Postmodernidad (1996), de David Lyon, es un trabajo, breve y denso, que explica muy bien esta idea. Conviene, en todo caso, leer La condición postmoderna, “texto seminal” en el que François Lyotard estableció, en 1979, lo que entendía por tal, y que debe tenerse siempre a mano. Añadiré, como recomendación a la lectura, solamente otros dos textos de mérito que buscan, en el plano teórico, el anclaje del ecologismo en el pensamiento filosófico: uno es Ecocinismos (2011), de José Alberto Cuesta, que ha estudiado con gran minuciosidad el pensamiento de la escuela que fundaran Antístenes y Diógenes de Sínope, desmenuzando su proximidad con el ecologismo; y otro es Los cien ecologismos, de Ignacio Quintanilla y Pilar Andrade, que vengo leyendo por encargo de la editorial que lo publicará en breve, y que desarrolla el enorme esfuerzo que supone “extraer” cuanto de ambiental hay, más o menos disperso o desestructurado, en la historia del pensamiento.

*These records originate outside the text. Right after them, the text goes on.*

Lemma Cr_on_pds n U f w :
  (length w <= n)%nat -> Cr_on n U f -> Cr_on (n - length w) U (pds w f).
Proof.
  intros Hw H w' Hl x y Hxy. rewrite <- pds_app.
  destruct (H (w' ++ w)) with x y as [H1 H2]; [rewrite length_app; lia | exact Hxy |].
  split; [exact H1 |]. intros Hlt v. apply H2. rewrite length_app; lia.
Qed.

Lemma Cr_on_le n m U f : (m <= n)%nat -> Cr_on n U f -> Cr_on m U f.
Proof.
  intros Hmn H w Hl x y Hxy. destruct (H w) with x y as [H1 H2]; [lia | exact Hxy |].
  split; [exact H1 |]. intros Hlt v. apply H2. lia.
Qed.

Lemma Cr_on_ex_diff_n n : forall U f x y, Cr_on n U f -> U x y -> ex_diff_n f n x y.
Proof.
  induction n as [|n IH]; intros U f x y H Hxy;
    destruct (H nil) with x y as [H1 H2]; simpl; try lia; try exact Hxy.
  - split; [now apply continuity_2d_pt_filterlim | exact I].
  - split; [now apply continuity_2d_pt_filterlim |].
    split; [exact (H2 ltac:(simpl; lia) dX) |].
    split; [exact (H2 ltac:(simpl; lia) dY) |].
    split; [apply (IH U (pd dX f)) | apply (IH U (pd dY f))]; try exact Hxy;
      [pose proof (Cr_on_pds (S n) U f (dX :: nil) ltac:(simpl; lia) H) as H'
      |pose proof (Cr_on_pds (S n) U f (dY :: nil) ltac:(simpl; lia) H) as H'];
      simpl in H'; now replace n with (n - 0)%nat by lia.
Qed.

Lemma disk_of_box rho u v :
  Rabs u < rho / 2 -> Rabs v < rho / 2 -> disk rho u v.
Proof.
  intros Hu Hv. unfold disk. apply Rabs_def2 in Hu. apply Rabs_def2 in Hv. nra.
Qed.

Lemma box_of_disk del x y : 0 < del -> disk del x y -> Rabs x < del /\ Rabs y < del.
Proof.
  intros Hd H. unfold disk in H.
  pose proof (pow2_abs x). pose proof (pow2_abs y).
  pose proof (Rabs_pos x). pose proof (Rabs_pos y). split; nra.
Qed.
Lemma mpowset_block G1 G2 k w :
  mpowset (blockset G1 G2) k w <->
  exists i j a b, [/\ (i + j)%N = k, mpowset G1 i a, mpowset G2 j b
                    & w = (mlift_l a + mlift_r b)%MM].
Proof.
split.
  elim: k w => [|k IH] w /=.
    by move<-; exists 0%N, 0%N, 0%MM, 0%MM; rewrite mlift_l0 mlift_r0 addm0.
  move=> [_ [h [/IH [i [j [a [b [<- Ha Hb ->]]]]] Hh ->]]].
  case: Hh => [[h1 Hh1 ->] | [h2 Hh2 ->]].
  - exists i.+1, j, (a + h1)%MM, b; split=> //; first by exists a, h1.
    by rewrite mlift_lD Monoid.mulmAC.
  - exists i, j.+1, a, (b + h2)%MM; rewrite addnS; split=> //; first by exists b, h2.
    by rewrite mlift_rD addmA.
move=> [i [j [a [b [<- Ha Hb ->]]]]]; elim: i a Ha => [|i IH] a' /=.
  by move<-; rewrite mlift_l0 add0m; apply: mpowset_block_r.
move=> [a [h [Ha Hh ->]]]; exists (mlift_l a + mlift_r b)%MM, (mlift_l h).
by rewrite mlift_lD Monoid.mulmAC; split; [apply: IH | left; exists h |].
Qed.

Lemma above_mpowset_block G1 G2 k w :
  above (mpowset (blockset G1 G2) k) w <->
  exists i j, [/\ (i + j)%N = k, above (mpowset G1 i) (mproj_l w)
                & above (mpowset G2 j) (mproj_r w)].
Proof.
split.
  move=> [_ /mpowset_block [i [j [a [b [Hk Ha Hb ->]]]]] le_w].
  exists i, j; split=> //.
    by exists a => //; rewrite -(mproj_l_lift a b); apply: mproj_l_le.
  by exists b => //; rewrite -(mproj_r_lift a b); apply: mproj_r_le.
move=> [i [j [Hk [a Ha le_a] [b Hb le_b]]]].
exists (mlift_l a + mlift_r b)%MM; first by apply/mpowset_block; exists i, j, a, b.
by rewrite -[w]mproj_liftK; apply: mlift_le.
Qed.

Lemma incl1X a : incl1 n ('X_[a] : {mpoly K[m]}) = 'X_[mlift_l a].
Proof.
rewrite /incl1 mmapX /mmap1 [RHS]mpolyXE_id big_split_ord /=.
rewrite [X in _ = _ * X]big1 ?mulr1 => [|i _]; last by rewrite mlift_l_rshift expr0.
by apply: eq_bigr => i _; rewrite mlift_l_lshift.
Qed.

Lemma incl2X b : incl2 m ('X_[b] : {mpoly K[n]}) = 'X_[mlift_r b].
Proof.
rewrite /incl2 mmapX /mmap1 [RHS]mpolyXE_id big_split_ord /=.
rewrite [X in _ = X * _]big1 ?mul1r => [|i _]; last by rewrite mlift_r_lshift expr0.
by apply: eq_bigr => i _; rewrite mlift_r_rshift.
Qed.

Lemma incl1U v : incl1 n ('X_v : {mpoly K[m]}) = 'X_(lshift n v).
Proof. by rewrite /incl1 mmapX mmap1U. Qed.
Lemma incl2U v : incl2 m ('X_v : {mpoly K[n]}) = 'X_(rshift m v).
Proof. by rewrite /incl2 mmapX mmap1U. Qed.

Lemma above_mlift_l G1 G2 a : above G1 a -> above (blockset G1 G2) (mlift_l a).
Proof.
move=> [g Gg le_ga]; exists (mlift_l g); first by left; exists g.
by rewrite -[mlift_l g]addm0 -[mlift_l a]addm0 -mlift_r0; apply: mlift_le (lepm_refl _).
Qed.
Lemma above_mlift_r G1 G2 b : above G2 b -> above (blockset G1 G2) (mlift_r b).
Proof.
move=> [g Gg le_gb]; exists (mlift_r g); first by right; exists g.
by rewrite -[mlift_r g]add0m -[mlift_r b]add0m -mlift_l0; apply: mlift_le (lepm_refl _) _.
Qed.

Lemma sum_ideal_monomial I1 I2 G1 G2 :
  is_monomial_ideal_of G1 I1 -> is_monomial_ideal_of G2 I2 ->
  is_monomial_ideal_of (blockset G1 G2) (@sum_ideal K m n I1 I2).
Proof.
move=> HI1 HI2 p; split.
  move: p; apply: ideal_gen_min; first exact: msupp_in_above_ideal.
  move=> _ [[a [/HI1 Ha ->]] | [b [/HI2 Hb ->]]].
  - rewrite (mpolyE a) /incl1 raddf_sum.
    apply: ideal_sum; first exact: msupp_in_above_ideal.
    move=> w /Ha Hw; rewrite /= mmapZ -/(incl1 n _) incl1X.
    by apply: (idealMl (@msupp_in_above_ideal K _ _)); apply/msupp_inX/above_mlift_l.
  - rewrite (mpolyE b) /incl2 raddf_sum.
    apply: ideal_sum; first exact: msupp_in_above_ideal.
    move=> w /Hb Hw; rewrite /= mmapZ -/(incl2 m _) incl2X.
    by apply: (idealMl (@msupp_in_above_ideal K _ _)); apply/msupp_inX/above_mlift_r.
move=> Hp; rewrite (mpolyE p); apply: ideal_sum; first exact: ideal_gen_ideal.
move=> w /Hp [g Hg le_gw]; rewrite -(submK le_gw) mpolyXD scalerAl.
apply: idealMl; first exact: ideal_gen_ideal.
apply: ideal_gen_mem; case: Hg => [[a Ga ->] | [b Gb ->]].
- by left; exists 'X_[a]; rewrite incl1X; split=> //; apply/HI1/msupp_inX/above_refl.
- by right; exists 'X_[b]; rewrite incl2X; split=> //; apply/HI2/msupp_inX/above_refl.
Qed.

Lemma msocle_block G1 G2 k w :
  msocle (blockset G1 G2) k w -> ~ above (mpowset (blockset G1 G2) k.+1) w ->
  exists i j,
    [/\ (i + j)%N = k, msocle G1 i (mproj_l w) & msocle G2 j (mproj_r w)].
Proof.
move=> [/above_mpowset_block [i [j [Hij H1 H2]]] Hv] Hk1.
have top_r j' : above (mpowset G2 j') (mproj_r w) -> (j' <= j)%N.
  move=> H2'; rewrite leqNgt; apply/negP => lt_jj'; apply: Hk1.
  apply/above_mpowset_block; exists i, j.+1; split=> //; first by rewrite addnS Hij.
  exact: above_mpowset_le H2'.
have top_l i' : above (mpowset G1 i') (mproj_l w) -> (i' <= i)%N.
  move=> H1'; rewrite leqNgt; apply/negP => lt_ii'; apply: Hk1.
  apply/above_mpowset_block; exists i.+1, j; split=> //; first by rewrite addSn Hij.
  exact: above_mpowset_le H1'.
exists i, j; split=> //; split=> // v.
- have /above_mpowset_block [i' [j' [Hij' H1' H2']]] := Hv (lshift n v).
  move: H1' H2'; case: (mproj_U_lshift v w) => -> -> H1' /top_r le_j.
  by apply: above_mpowset_le H1'; lia.
- have /above_mpowset_block [i' [j' [Hij' H1' H2']]] := Hv (rshift m v).
  move: H1' H2'; case: (mproj_U_rshift v w) => -> -> /top_l le_i H2'.
  by apply: above_mpowset_le H2'; lia.
Qed.

End BlockMonomials.

Section SocleOfSumIdeal.
Variables (K : fieldType) (m n : nat).
Variables (I1 : {mpoly K[m]} -> Prop) (I2 : {mpoly K[n]} -> Prop).
Local Notation I := (sum_ideal I1 I2).
Local Notation soc1 := (ext_comp (@incl1 K m n) (soc_lift I1 (@maxgr K m)) I).
Local Notation soc2 := (ext_comp (@incl2 K m n) (soc_lift I2 (@maxgr K n)) I).
(* Let $\mathbb{F}\subseteq\mathbb{C}$ be a subfield closed under complex conjugation, $m\ge2$, $N\ge1$, and let $\zeta_1,\dots,\zeta_{m-1}\in\mathcal{P}_N^-[\mathbb{F}]$. If $\mathbf{u}(z)=(u_1,\dots,u_{m-1},\widetilde{u_m})^T$ and $\mathbf{v}(z)=(v_1,\dots,v_{m-1},\widetilde{v_m})^T$, with $u_i,v_i\in\mathcal{P}_N^+[\mathbb{F}]$, are two solutions of the system $(\mathcal{S})$ and $\mathbf{u}(1)=\mathbf{v}(1)$, then $\mathbf{u}(z)=\mathbf{v}(z)$ for every $z\in\mathbb{C}\setminus\{0\}$. In particular, if a solution $\mathbf{u}$ satisfies $\mathbf{u}(1)=0\in\mathbb{F}^m$, then $\mathbf{u}(z)=0$ for all $z\in\mathbb{C}\setminus\{0\}$.
   Context: For a Laurent polynomial $p(z)=\sum_k c_kz^k$ write $\widetilde{p}(z)=\sum_k\overline{c_k}z^{-k}$. $\mathcal{P}_N^+[\mathbb{F}]=\{\sum_{k=0}^Nc_kz^k: c_k\in\mathbb{F}\}$, $\mathcal{P}_N^-[\mathbb{F}]=\{\sum_{k=1}^Nc_kz^{-k}: c_k\in\mathbb{F}\}$. Let $\mathcal{P}^+$ denote the set of polynomials in $z$ (Laurent polynomials with no negative powers). The system $(\mathcal{S})$ in unknowns $x_1,\dots,x_m$ is $$\zeta_i(z)x_m(z)-\widetilde{x_i}(z)\in\mathcal{P}^+\ (i=1,\dots,m-1),\qquad \sum_{i=1}^{m-1}\zeta_i(z)x_i(z)+\widetilde{x_m}(z)\in\mathcal{P}^+.$$ A vector $(u_1,\dots,u_{m-1},\widetilde{u_m})^T$ with $u_i\in\mathcal{P}_N^+[\mathbb{F}]$ is called a solution of $(\mathcal{S})$ if all these conditions hold with $x_i=u_i$, $i=1,\dots,m$. *)

From HB Require Import structures.
From mathcomp Require Import all_boot all_order all_algebra.
From mathcomp Require Import complex.
From mathcomp Require Import reals.
Set Implicit Arguments. Unset Strict Implicit. Unset Printing Implicit Defensive.
Import Order.TTheory GRing.Theory Num.Theory.
Local Open Scope ring_scope.

Section Laurent.
Variable C : fieldType.
Variable conj : C -> C.

(* A Laurent polynomial  z^{-lsh} * lp(z). *)
Record laurent := Laurent { lp : {poly C}; lsh : nat }.

Definition lcoef (L : laurent) (k : int) : C :=
  match (k + (lsh L)%:Z)%R with Posz n => (lp L)`_n | Negz _ => 0 end.

Definition lpoly (p : {poly C}) : laurent := Laurent p 0.
Definition ladd (L M : laurent) : laurent :=
  Laurent (lp L * 'X^(lsh M) + lp M * 'X^(lsh L)) (lsh L + lsh M).
Definition lopp (L : laurent) : laurent := Laurent (- lp L) (lsh L).
Definition lsub (L M : laurent) : laurent := ladd L (lopp M).
Definition lmul (L M : laurent) : laurent := Laurent (lp L * lp M) (lsh L + lsh M).
Definition lzero : laurent := lpoly 0.
Definition dualA_form (B : 'M[C]_2) := \matrix_(p, q) \tr (B *m dualA (delta_mx p q)).
Definition dualB_form (B : 'M[C]_2) := \matrix_(p, q) \tr (B *m dualB (delta_mx p q)).

Lemma pairing_dualA_form B Z : pairing (dualA_form B) Z = \tr (B *m dualA Z).
Proof. by rewrite pairingE !mxE !mxtrace2E !mulmx2E !mxE /=; ring. Qed.
Lemma pairing_dualB_form B X : pairing (dualB_form B) X = \tr (B *m dualB X).
Proof. by rewrite pairingE !mxE !mxtrace2E !mulmx2E !mxE /=; ring. Qed.

(* A tensor decomposition of the cnot cycle is a matmul decomposition. *)
Lemma cnot_cycle_decomp_long s : has_tensor_decomp cnot_cycle s -> (6 < s)%N.
Proof.
move=> [A [B [D decomp]]].
apply: (@matmul_decomp_long _ s (dualB_form \o B) (dualB_form \o D) (dualA_form \o A)).
move=> X Y Z; rewrite -contract_cnot_cycle decomp contract_sum; apply: eq_bigr => j _.
by rewrite contract_tens3 /= pairing_dualA_form !pairing_dualB_form; ring.
Qed.

Lemma strassen_tens3 (x y z : 'I_2 -> 'I_2 -> 'M[C]_2) :
  \sum_(a < 2) \sum_(b < 2) \sum_(c < 2) tens3 (z c a) (x a b) (y b c)
  = \sum_(k < 7) tens3 (strassenZ z k) (strassenX x k) (strassenY y k).
Proof.
apply/matrixP => i j.
case: (mxtens_indexP i) => i12 i3; case: (mxtens_indexP i12) => i1 i2.
case: (mxtens_indexP j) => j12 j3; case: (mxtens_indexP j12) => j1 j2.
rewrite !summxE.
transitivity
  (\sum_(a < 2) \sum_(b < 2) \sum_(c < 2) z c a i1 j1 * x a b i2 j2 * y b c i3 j3).
  apply: eq_bigr => a _; rewrite summxE; apply: eq_bigr => b _; rewrite summxE.
  by apply: eq_bigr => c _; rewrite tens3E.
rewrite (strassen_identity (fun a b => x a b i2 j2)); apply: eq_bigr => k _.
by rewrite tens3E strassenX_entry strassenY_entry strassenZ_entry.
Qed.

Lemma cnot_cycle_decomp7 : has_tensor_decomp cnot_cycle 7.
Proof.
exists (strassenZ (fun c a => proj a *m flip c)), (strassenX (fun a b => flip a *m proj b)).
exists (strassenY (fun b c => flip b *m proj c)).
by rewrite cnot_cycle_sum -strassen_tens3.
Qed.

Lemma unitary_I2 : unitary (I2 R).
Proof.
apply/matrixP => i j; rewrite /adj /I2 mul1mx !mxE eq_sym.
by case: (i == j); rewrite ?conjC1 ?conjC0.
Qed.

Lemma local_unitary_1 : local_unitary (1%:M : 'M[C]_(2 * 2 * 2)).
Proof.
exists (I2 R), (I2 R), (I2 R); split; try exact: unitary_I2.
by rewrite /tens3 /I2 !tensmx11.
Qed.

End CnotCycle.

Theorem theorem7 (R : realType) :
  exists L1 L2 L3 L4 : 'M[R[i]]_(2 * 2 * 2),
    [/\ local_unitary L1, local_unitary L2, local_unitary L3, local_unitary L4 &
      schmidt_rank_eq
        (L1 *m CNOT_AB R *m L2 *m CNOT_BC R *m L3 *m CNOT_CA R *m L4) 7].
Proof.
exists 1%:M, 1%:M, 1%:M, 1%:M; split; try exact: local_unitary_1.
rewrite !mulmx1 !mul1mx -/(cnot_cycle R); split; first exact: cnot_cycle_decomp7.
by move=> s s_lt7 /cnot_cycle_decomp_long; rewrite ltnNge -ltnS s_lt7.
Qed.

La postmodernidad -decía yo en mis clases para suscitar la sonrisa y el interés de los alumnos- es el periodo histórico y cultural que sigue a la modernidad… Y así, sobre un hilo continuador y, a la vez, una cadencia de interesantes cuestionamientos, la etapa postmoderna ha fundado su estructura diferencial afirmándose en los grandes cambios que, en las sociedades modeladas por el capitalismo, ha habido que constatar a partir de la Segunda Guerra Mundial y, sobre todo, desde la década de 1960 (con el hito, no por manido menos oportuno) de Mayo del 68.

Y como el ecologismo surge en esa década de 1960 y asume como esencia propia el análisis crítico y militante, tan duro como impaciente, de la larga modernidad que venía desde los siglos XV y XVI en Occidente -con la colonización, el imperialismo, el saqueo del planeta y el sometimiento, más o menos logrado, de todas las demás culturas-, decimos que se trata de un fenómeno típicamente postmoderno.